With the line containing "Definition balanced3 (M" as the first and the final line of the entries as the last, repeat exactly the lines in that span, including both.

(Beginning of Data supplied)

(* Let $(A,\mathcal H)$ be a left bialgebroid. The assignments $I\mapsto[\pi:\mathcal H\to\mathcal H/I]$ and $[\pi:\mathcal H\to\overline{\mathcal H}]\mapsto\ker(\pi)$ are well-defined, mutually inverse bijections between the set of left ideal two-sided coideals of $\mathcal H$ and the set of quotient left $\mathcal H$-module corings of $\mathcal H$.
   Context: $\Bbbk$ is a field. A left bialgebroid $(A,\mathcal H)$: $\Bbbk$-algebras $A,\mathcal H$, algebra maps $s:A\to\mathcal H$, $t:A^o\to\mathcal H$ with commuting images, $A$-bilinear $\Delta:\mathcal H\to\mathcal H\otimes_A\mathcal H$, $\varepsilon:\mathcal H\to A$ (bimodule structure $a\cdot h\cdot b=s(a)t(b)h$; $\mathcal H\otimes_A\mathcal H$ = quotient of $\mathcal H\otimes\mathcal H$ by span of $t(a)x\otimes y-x\otimes s(a)y$), with $(\mathcal H,\Delta,\varepsilon)$ a coassociative counital $A$-coring, $\Delta$ an algebra map into the Takeuchi product $\{\sum x_i\otimes_Ay_i:\sum x_it(a)\otimes_Ay_i=\sum x_i\otimes_Ay_is(a)\ \forall a\}$, $\varepsilon(xs(\varepsilon(y)))=\varepsilon(xy)=\varepsilon(xt(\varepsilon(y)))$, $\varepsilon(1)=1$; $\Delta(x)=\sum x_1\otimes_Ax_2$. Left $\mathcal H$-modules form a monoidal category: each is an $A$-bimodule via $a\cdot m\cdot b=s(a)t(b)m$, the tensor product $M\otimes_AN$ (quotient of $M\otimes N$ by $t(a)m\otimes n-m\otimes s(a)n$) has action $h(m\otimes n)=\sum h_1m\otimes h_2n$, and the unit is $A$ with $h\cdot a=\varepsilon(hs(a))$. A left $\mathcal H$-module coring is a comonoid in this monoidal category; $\mathcal H$ itself is one (regular left action, $\Delta$, $\varepsilon$). A quotient left $\mathcal H$-module coring of $\mathcal H$ is a surjective morphism of left $\mathcal H$-module corings $\pi:\mathcal H\to\overline{\mathcal H}$ (considered up to isomorphism under $\mathcal H$). A left ideal two-sided coideal is a left ideal $I$ with $\varepsilon(I)=0$ and $\Delta(I)\subseteq$ image of $I\otimes_A\mathcal H+\mathcal H\otimes_AI$. *)

(* Left bialgebroids, tensor products over A encoded by
   representatives (finite lists of simple tensors) together with the
   equality of M (x)_A N, defined through its universal property. *)
From HB Require Import structures.
From mathcomp Require Import all_boot all_order all_algebra.
Set Implicit Arguments. Unset Strict Implicit. Unset Printing Implicit Defensive.
Import GRing.Theory.
Local Open Scope ring_scope.

Section Defs.
Variable k : fieldType.

Definition klinear (U V : lmodType k) (f : U -> V) : Prop :=
  forall (c : k) (x y : U), f (c *: x + y) = c *: f x + f y.

Definition kbilinear (M N W : lmodType k) (b : M -> N -> W) : Prop :=
  (forall n, klinear (fun m => b m n)) /\ (forall m, klinear (b m)).

Definition ktrilinear (M N P W : lmodType k) (g : M -> N -> P -> W) : Prop :=
  (forall n p, klinear (fun m => g m n p)) /\
  (forall m p, klinear (fun n => g m n p)) /\
  (forall m n, klinear (g m n)).

Section Tensor.
Variable A : algType k.

Definition balanced (M N W : lmodType k) (ra : A -> M -> M) (la : A -> N -> N)
  (b : M -> N -> W) : Prop :=
  kbilinear b /\ forall a m n, b (ra a m) n = b m (la a n).

(* Two finite sums of simple tensors  \sum m_i (x) n_i  represent the same
   element of M (x)_A N (the quotient of M (x)_k N by the span of
   m.a (x) n - m (x) a.n) iff every A-balanced k-bilinear map agrees on them. *)
Definition teq (M N : lmodType k) (ra : A -> M -> M) (la : A -> N -> N)
  (u v : seq (M * N)) : Prop :=
  forall (W : lmodType k) (b : M -> N -> W), balanced ra la b ->
    \sum_(p <- u) b p.1 p.2 = \sum_(p <- v) b p.1 p.2.

Definition balanced3 (M N P W : lmodType k) (ra1 : A -> M -> M)
  (la2 ra2 : A -> N -> N) (la3 : A -> P -> P) (g : M -> N -> P -> W) : Prop :=
  ktrilinear g /\
  (forall a m n p, g (ra1 a m) n p = g m (la2 a n) p) /\
  (forall a m n p, g m (ra2 a n) p = g m n (la3 a p)).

(End of Data supplied)

Task answer ::
Definition balanced3 (M N P W : lmodType k) (ra1 : A -> M -> M)
  (la2 ra2 : A -> N -> N) (la3 : A -> P -> P) (g : M -> N -> P -> W) : Prop :=
  ktrilinear g /\
  (forall a m n p, g (ra1 a m) n p = g m (la2 a n) p) /\
  (forall a m n p, g m (ra2 a n) p = g m n (la3 a p)).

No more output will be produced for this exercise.